Exercise brief: In the listing below, find the line holding "Let comb_h : h = comb 0 1 0." and the line holding "Variable E : U -> U.". Write out those two lines and all lines between, exactly, and nothing more.

Start of Material for this exercise

(* Let $r,s$ be nonzero complex numbers with $r\neq \pm1$, put $\lambda=r-r^{-1}$, and fix logarithms $\ln r,\ln s$. Let $U$ be a (suitably completed) algebra containing elements $\tilde A,\tilde B,\tilde C,\tilde D,\tilde F$ satisfying $[\tilde A,\tilde B]=\tilde B$, $[\tilde A,\tilde C]=-\tilde C$, $[\tilde D,\tilde B]=-\tilde B$, $[\tilde D,\tilde C]=\tilde C$, $[\tilde A,\tilde D]=0$, and $\tilde F$ central, in which expressions $x^{X}:=\exp(X\ln x)$ ($x\in\{r,s\}$, $X$ a linear combination of $\tilde A,\tilde D,\tilde F,1$) make sense. Put $H_1=\tilde A+\tilde D$, $H_2=\tilde A-\tilde D$ and $J=s^{-\frac12(\tilde F-H_2-1)}r^{\frac12(\tilde F-H_1+1)}$, $M=s^{-\frac12(\tilde F-H_1+1)}r^{\frac12(-\tilde F+H_2+1)}$, $N=s^{-\frac12(\tilde F+H_1-1)}r^{\frac12(-\tilde F-H_2+1)}$, $J'=s^{-\frac12(\tilde F-H_2-1)}r^{-\frac12(\tilde F-H_1+1)}$, $M'=s^{-\frac12(\tilde F-H_1+1)}r^{-\frac12(-\tilde F+H_2+1)}$, $N'=s^{-\frac12(\tilde F+H_1-1)}r^{-\frac12(-\tilde F-H_2+1)}$, $P=\lambda\tilde C$, $Q=-\lambda\tilde B$. Then $J,M,N,J',M',N'$ pairwise commute and $PJ=sJP$, $PJ'=sJ'P$, $JQ=sQJ$, $J'Q=sQJ'$, $PM=rMP$, $NP=rPN$, $QM'=rM'Q$, $N'Q=rQN'$. Furthermore, the relation $QP-PQ=-\lambda(N'M-NM')$ holds if and only if $$[\tilde B,\tilde C]=\frac{s^{-\tilde F}\left(r^{\tilde A-\tilde D}-r^{-(\tilde A-\tilde D)}\right)}{r-r^{-1}}.$$
   Context: These elements are the nonzero entries of the matrices $\mathcal{L}^{+}=\begin{pmatrix}J&0&0\\0&M&P\\0&0&N\end{pmatrix}$, $\mathcal{L}^{-}=\begin{pmatrix}J'&0&0\\0&M'&0\\0&Q&N'\end{pmatrix}$ (up to scalar factors), which generate the algebra dual to the biparametric deformation $\mathcal{A}_{r,s}$ of $GL(2)\otimes GL(1)$; the listed relations are the component form of the $R\mathcal{L}\mathcal{L}$ relations. *)

From HB Require Import structures.
From mathcomp Require Import all_boot all_order all_algebra.
From mathcomp Require Import reals.
From mathcomp.analysis Require Import sequences exp trigo.
From mathcomp.real_closed Require Import complex.
Set Implicit Arguments. Unset Strict Implicit. Unset Printing Implicit Defensive.
Import Order.TTheory GRing.Theory Num.Theory.
Local Open Scope ring_scope.

Definition cexp (R : realType) (z : R[i]) : R[i] :=
  ((expR (complex.Re z))%:C * (cos (complex.Im z) +i* sin (complex.Im z)))%C.

Definition comm (K : comNzRingType) (U : algType K) (X Y : U) : U := X * Y - Y * X.

Definition inW (K : comNzRingType) (U : algType K) (A D F X : U) : Prop :=
  exists a d f c : K, X = a *: A + d *: D + f *: F + c%:A.

(* "Expressions x^X := exp(X ln x) make sense" for X in span(A, D, F, 1):
   E : U -> U is an exponential map on that (commutative) subspace, i.e. it
   satisfies the identities the exponential series satisfies in any
   completion where it converges:
   - E (X + Y) = E X * E Y  for X, Y in the span (they commute);
   - E (c 1) = exp(c) 1  for scalars c;
   - if [X, Y] = a Y then E X * Y = Y * E (X + a 1). *)
Definition exp_map (R : realType) (U : algType R[i]) (A D F : U) (E : U -> U) : Prop :=
  [/\ (forall X Y, inW A D F X -> inW A D F Y -> E (X + Y) = E X * E Y),
      (forall c : R[i], E (c%:A) = (cexp c)%:A) &
      (forall (X Y : U) (a : R[i]), inW A D F X -> comm X Y = a *: Y ->
          E X * Y = Y * E (X + a%:A))].

(* x^X := exp(X ln x), given lx = ln x. *)
Definition pw (R : realType) (U : algType R[i]) (E : U -> U) (lx : R[i]) (X : U) : U :=
  E (lx *: X).

From HB Require Import structures.
From mathcomp Require Import all_boot all_order all_algebra.
From mathcomp Require Import reals.
From mathcomp.analysis Require Import sequences exp trigo.
From mathcomp.real_closed Require Import complex.
From mathcomp Require Import ring.
Import Order.TTheory GRing.Theory Num.Theory.
Local Open Scope ring_scope.
Set Implicit Arguments. Unset Strict Implicit.

(* All six operators are exponentials of elements of the commutative span W of
   A, D, F, 1, so they commute.  An element Z of W acts on B and C by scalars
   (F is central, H1 = A + D kills B and C, and H2 = A - D has eigenvalues 2
   and -2), and [Z, Y] = a Y turns into the q-commutation e^Z Y = e^a Y e^Z;
   this gives the eight relations.  Finally N'M and NM' are s^-F r^H2 and
   s^-F r^-H2, while QP - PQ = -lam^2 [B, C], which gives the equivalence. *)

Lemma cexpD (R : realType) (a b : R[i]) : cexp (a + b) = cexp a * cexp b.
Proof.
case: a => x y; case: b => u v; rewrite /cexp /= expRD cosD sinD.
by simpc; congr (_ +i* _)%C; ring.
Qed.

Lemma cexp0 (R : realType) : cexp (0 : R[i]) = 1.
Proof. by rewrite /cexp /= expR0 cos0 sin0 mul1r. Qed.

Lemma subrV_neq0 (K : fieldType) (r : K) :
  r != 0 -> r != 1 -> r != -1 -> r - r^-1 != 0.
Proof.
move=> r0 r1 rN1.
have : (r - 1) * (r + 1) != 0 by rewrite mulf_neq0 // ?subr_eq0 // addr_eq0.
have -> : (r - 1) * (r + 1) = r * (r - r^-1) by field.
by rewrite mulf_eq0 negb_or => /andP[].
Qed.

Section Commutator.
Variables (K : comNzRingType) (U : algType K).
Implicit Types (X Y Z : U) (a k l : K).

Lemma commDl X Y Z : comm (X + Y) Z = comm X Z + comm Y Z.
Proof. by rewrite /comm mulrDl mulrDr opprD addrACA. Qed.

Lemma commNl X Z : comm (- X) Z = - comm X Z.
Proof. by rewrite /comm mulNr mulrN opprK opprB addrC. Qed.

Lemma commZl k X Z : comm (k *: X) Z = k *: comm X Z.
Proof. by rewrite /comm -scalerAl -scalerAr -scalerBr. Qed.

Lemma comm1l Z : comm 1 Z = 0.
Proof. by rewrite /comm mul1r mulr1 subrr. Qed.

Lemma commZZ k l X Y : comm (k *: X) (l *: Y) = (k * l) *: comm X Y.
Proof. by rewrite /comm -!scalerAl -!scalerAr !scalerA mulrC -scalerBr. Qed.

Lemma comm_eigenD X1 X2 Y a1 a2 : comm X1 Y = a1 *: Y -> comm X2 Y = a2 *: Y ->
  comm (X1 + X2) Y = (a1 + a2) *: Y.
Proof. by rewrite commDl scalerDl => -> ->. Qed.

Lemma comm_eigenN X Y a : comm X Y = a *: Y -> comm (- X) Y = (- a) *: Y.
Proof. by rewrite commNl scaleNr => ->. Qed.

Lemma comm_eigen1 Y : comm 1 Y = 0 *: Y.
Proof. by rewrite comm1l scale0r. Qed.

End Commutator.

Definition qcomm (K : comNzRingType) (U : algType K) (q : K) (X Y : U) :=
  X * Y = q *: (Y * X).

Section QCommutation.
Variables (K : comNzRingType) (U : algType K).
Implicit Types (X Y : U) (k q : K).

Lemma qcommMl q1 q2 X1 X2 Y :
  qcomm q1 X1 Y -> qcomm q2 X2 Y -> qcomm (q1 * q2) (X1 * X2) Y.
Proof.
rewrite /qcomm => h1 h2.
by rewrite -mulrA h2 -scalerAr !mulrA h1 -scalerAl scalerA mulrC.
Qed.

Lemma qcommZl q k X Y : qcomm q X Y -> qcomm q (k *: X) Y.
Proof. by rewrite /qcomm -scalerAl -scalerAr => ->; rewrite !scalerA mulrC. Qed.

Lemma qcommZr q k X Y : qcomm q X Y -> qcomm q X (k *: Y).
Proof. by rewrite /qcomm -scalerAl -scalerAr => ->; rewrite !scalerA mulrC. Qed.

Lemma qcomm_sym q q' X Y : q' * q = 1 -> qcomm q X Y -> qcomm q' Y X.
Proof. by rewrite /qcomm => qq' h; rewrite h scalerA qq' scale1r. Qed.

End QCommutation.

Lemma qcomm_cexp_sym (R : realType) (U : algType R[i]) b (X Y : U) :
  qcomm (cexp (- b)) X Y -> qcomm (cexp b) Y X.
Proof. by apply: qcomm_sym; rewrite -cexpD subrr cexp0. Qed.

Section Span.
Variables (K : comNzRingType) (U : algType K) (A D F : U).
Local Notation W := (inW A D F).

Lemma inWD X Y : W X -> W Y -> W (X + Y).
Proof.
case=> a [d [f [c ->]]] [a' [d' [f' [c' ->]]]].
exists (a + a'), (d + d'), (f + f'), (c + c'); rewrite !scalerDl.
by rewrite addrACA; congr (_ + _); rewrite addrACA; congr (_ + _); exact: addrACA.
Qed.

Lemma inWZ k X : W X -> W (k *: X).
Proof.
case=> a [d [f [c ->]]]; exists (k * a), (k * d), (k * f), (k * c).
by rewrite !scalerDr !scalerA.
Qed.

Lemma inWN X : W X -> W (- X).
Proof. by rewrite -scaleN1r; apply: inWZ. Qed.

Lemma inW_A : W A.
Proof. by exists 1, 0, 0, 0; rewrite !scale0r !addr0 scale1r. Qed.

Lemma inW_D : W D.
Proof. by exists 0, 1, 0, 0; rewrite !scale0r !addr0 add0r scale1r. Qed.

Lemma inW_F : W F.
Proof. by exists 0, 0, 1, 0; rewrite !scale0r !addr0 !add0r scale1r. Qed.

Lemma inW_scalar k : W k%:A.
Proof. by exists 0, 0, 0, k; rewrite !scale0r !add0r. Qed.

Lemma inW_1 : W 1.
Proof. by exists 0, 0, 0, 1; rewrite !scale0r !add0r scale1r. Qed.

End Span.

Ltac solve_inW := repeat first
  [ apply: inWD | apply: inWN | apply: inWZ
  | apply: inW_A | apply: inW_D | apply: inW_F | apply: inW_1 | apply: inW_scalar
  | assumption ].

Section ExponentialMap.
Variables (R : realType) (U : algType R[i]) (A D F : U) (E : U -> U).
Hypothesis expE : exp_map A D F E.
Local Notation W := (inW A D F).

Lemma expD X Y : W X -> W Y -> E (X + Y) = E X * E Y.
Proof. by case: expE => eD _ _; apply: eD. Qed.

Lemma exp_mulC X Y : W X -> W Y -> E X * E Y = E Y * E X.
Proof. by move=> wX wY; rewrite -!expD // addrC. Qed.

Lemma qcomm_exp X Y a : W X -> comm X Y = a *: Y -> qcomm (cexp a) (E X) Y.
Proof.
case: expE => _ eC eshift wX hXY; rewrite /qcomm (eshift _ _ _ wX hXY).
by rewrite expD ?eC ?mulr_algr ?scalerAr //; apply: inW_scalar.
Qed.

Lemma qcomm_pw2 l1 l2 k1 k2 a1 a2 b X1 X2 Y :
  W X1 -> W X2 -> comm X1 Y = a1 *: Y -> comm X2 Y = a2 *: Y ->
  l1 * k1 * a1 + l2 * k2 * a2 = b ->
  qcomm (cexp b) (pw E l1 (k1 *: X1) * pw E l2 (k2 *: X2)) Y.
Proof.
move=> w1 w2 h1 h2 <-; rewrite cexpD.
apply: qcommMl; apply: qcomm_exp; solve_inW;
  by rewrite !commZl ?h1 ?h2 !scalerA.
Qed.

Lemma pw_mulACA l1 l2 X1 X2 X3 X4 : W X1 -> W X2 -> W X3 -> W X4 ->
  pw E l1 X1 * pw E l2 X2 * (pw E l1 X3 * pw E l2 X4) =
  pw E l1 (X1 + X3) * pw E l2 (X2 + X4).
Proof.
move=> w1 w2 w3 w4; rewrite /pw !scalerDr !expD; solve_inW.
by rewrite mulrA -(mulrA (E _)) (@exp_mulC (l2 *: X2) (l1 *: X3)) ?mulrA //; solve_inW.
Qed.

End ExponentialMap.

Section HalfSums.
Variables (K : fieldType) (V : lmodType K) (x h e : V).
Hypothesis two_neq0 : (2 : K) != 0.

Let comb a b c := a *: x + b *: h + c *: e.

Let comb_x : x = comb 1 0 0.
Proof. by rewrite /comb !scale0r !addr0 scale1r. Qed.
Let comb_h : h = comb 0 1 0.
Proof. by rewrite /comb !scale0r addr0 add0r scale1r. Qed.
Let comb_e : e = comb 0 0 1.
Proof. by rewrite /comb !scale0r !add0r scale1r. Qed.

Let combD a b c a' b' c' :
  comb a b c + comb a' b' c' = comb (a + a') (b + b') (c + c').
Proof.
by rewrite /comb !scalerDl addrACA; congr (_ + _); exact: addrACA.
Qed.

Let combZ k a b c : k *: comb a b c = comb (k * a) (k * b) (k * c).
Proof. by rewrite /comb !scalerDr !scalerA. Qed.

Let combN a b c : - comb a b c = comb (- a) (- b) (- c).
Proof. by rewrite -scaleN1r combZ !mulN1r. Qed.

Lemma half_sumN : - 2^-1 *: (x + h - e) + - 2^-1 *: (x - h + e) = - x.
Proof. by rewrite comb_x comb_h comb_e !(combN, combZ, combD); congr comb; field. Qed.

Lemma half_diff : - 2^-1 *: (- x - h + e) + 2^-1 *: (- x + h + e) = h.
Proof. by rewrite comb_x comb_h comb_e !(combN, combZ, combD); congr comb; field. Qed.

Lemma half_diffN : 2^-1 *: (- x - h + e) + - 2^-1 *: (- x + h + e) = - h.
Proof. by rewrite comb_x comb_h comb_e !(combN, combZ, combD); congr comb; field. Qed.

End HalfSums.

Section Relations.
Variables (R : realType) (U : algType R[i]) (r s lr ls : R[i]) (A B C D F : U).
Variable E : U -> U.
Hypotheses (expE : exp_map A D F E) (elr : cexp lr = r) (els : cexp ls = s).
Hypotheses (hAB : comm A B = B) (hAC : comm A C = - C).
Hypotheses (hDB : comm D B = - B) (hDC : comm D C = C).
Hypothesis hF : forall Y, comm F Y = 0.

Local Notation W := (inW A D F).
Local Notation H1 := (A + D).
Local Notation H2 := (A - D).

Definition opJ := pw E ls (- 2^-1 *: (F - H2 - 1)) * pw E lr (2^-1 *: (F - H1 + 1)).
Definition opM := pw E ls (- 2^-1 *: (F - H1 + 1)) * pw E lr (2^-1 *: (- F + H2 + 1)).
Definition opN := pw E ls (- 2^-1 *: (F + H1 - 1)) * pw E lr (2^-1 *: (- F - H2 + 1)).
Definition opJ' := pw E ls (- 2^-1 *: (F - H2 - 1)) * pw E lr (- 2^-1 *: (F - H1 + 1)).
Definition opM' := pw E ls (- 2^-1 *: (F - H1 + 1)) * pw E lr (- 2^-1 *: (- F + H2 + 1)).
Definition opN' := pw E ls (- 2^-1 *: (F + H1 - 1)) * pw E lr (- 2^-1 *: (- F - H2 + 1)).

Lemma ops_commute X Y : X \in [:: opJ; opM; opN; opJ'; opM'; opN'] ->
  Y \in [:: opJ; opM; opN; opJ'; opM'; opN'] -> X * Y = Y * X.
Proof.
have pw2E l1 l2 X1 X2 : W X1 -> W X2 ->
    exists2 Z, W Z & pw E l1 X1 * pw E l2 X2 = E Z.
  move=> w1 w2; exists (l1 *: X1 + l2 *: X2); first by solve_inW.
  by rewrite /pw (expD expE) //; solve_inW.
have opE X' : X' \in [:: opJ; opM; opN; opJ'; opM'; opN'] -> exists2 Z, W Z & X' = E Z.
  by rewrite !inE => /orP[|/orP[|/orP[|/orP[|/orP[|]]]]] /eqP->; apply: pw2E; solve_inW.
by move=> /opE[Z1 w1 ->] /opE[Z2 w2 ->]; apply: (exp_mulC expE).
Qed.

Let eigen_AB : comm A B = 1 *: B. Proof. by rewrite hAB scale1r. Qed.
Let eigen_AC : comm A C = (-1) *: C. Proof. by rewrite hAC scaleN1r. Qed.
Let eigen_DB : comm D B = (-1) *: B. Proof. by rewrite hDB scaleN1r. Qed.
Let eigen_DC : comm D C = 1 *: C. Proof. by rewrite hDC scale1r. Qed.
Let eigen_F Y : comm F Y = 0 *: Y. Proof. by rewrite hF scale0r. Qed.

Ltac solve_eigen := repeat first
  [ apply: comm_eigenD | apply: comm_eigenN | apply: comm_eigen1 | apply: eigen_F
  | apply: eigen_AB | apply: eigen_AC | apply: eigen_DB | apply: eigen_DC ].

End of Material for this exercise

Answer for the task:
Let comb_h : h = comb 0 1 0.
Proof. by rewrite /comb !scale0r addr0 add0r scale1r. Qed.
Let comb_e : e = comb 0 0 1.
Proof. by rewrite /comb !scale0r !add0r scale1r. Qed.

Let combD a b c a' b' c' :
  comb a b c + comb a' b' c' = comb (a + a') (b + b') (c + c').
Proof.
by rewrite /comb !scalerDl addrACA; congr (_ + _); exact: addrACA.
Qed.

Let combZ k a b c : k *: comb a b c = comb (k * a) (k * b) (k * c).
Proof. by rewrite /comb !scalerDr !scalerA. Qed.

Let combN a b c : - comb a b c = comb (- a) (- b) (- c).
Proof. by rewrite -scaleN1r combZ !mulN1r. Qed.

Lemma half_sumN : - 2^-1 *: (x + h - e) + - 2^-1 *: (x - h + e) = - x.
Proof. by rewrite comb_x comb_h comb_e !(combN, combZ, combD); congr comb; field. Qed.

Lemma half_diff : - 2^-1 *: (- x - h + e) + 2^-1 *: (- x + h + e) = h.
Proof. by rewrite comb_x comb_h comb_e !(combN, combZ, combD); congr comb; field. Qed.

Lemma half_diffN : 2^-1 *: (- x - h + e) + - 2^-1 *: (- x + h + e) = - h.
Proof. by rewrite comb_x comb_h comb_e !(combN, combZ, combD); congr comb; field. Qed.

End HalfSums.

Section Relations.
Variables (R : realType) (U : algType R[i]) (r s lr ls : R[i]) (A B C D F : U).
Variable E : U -> U.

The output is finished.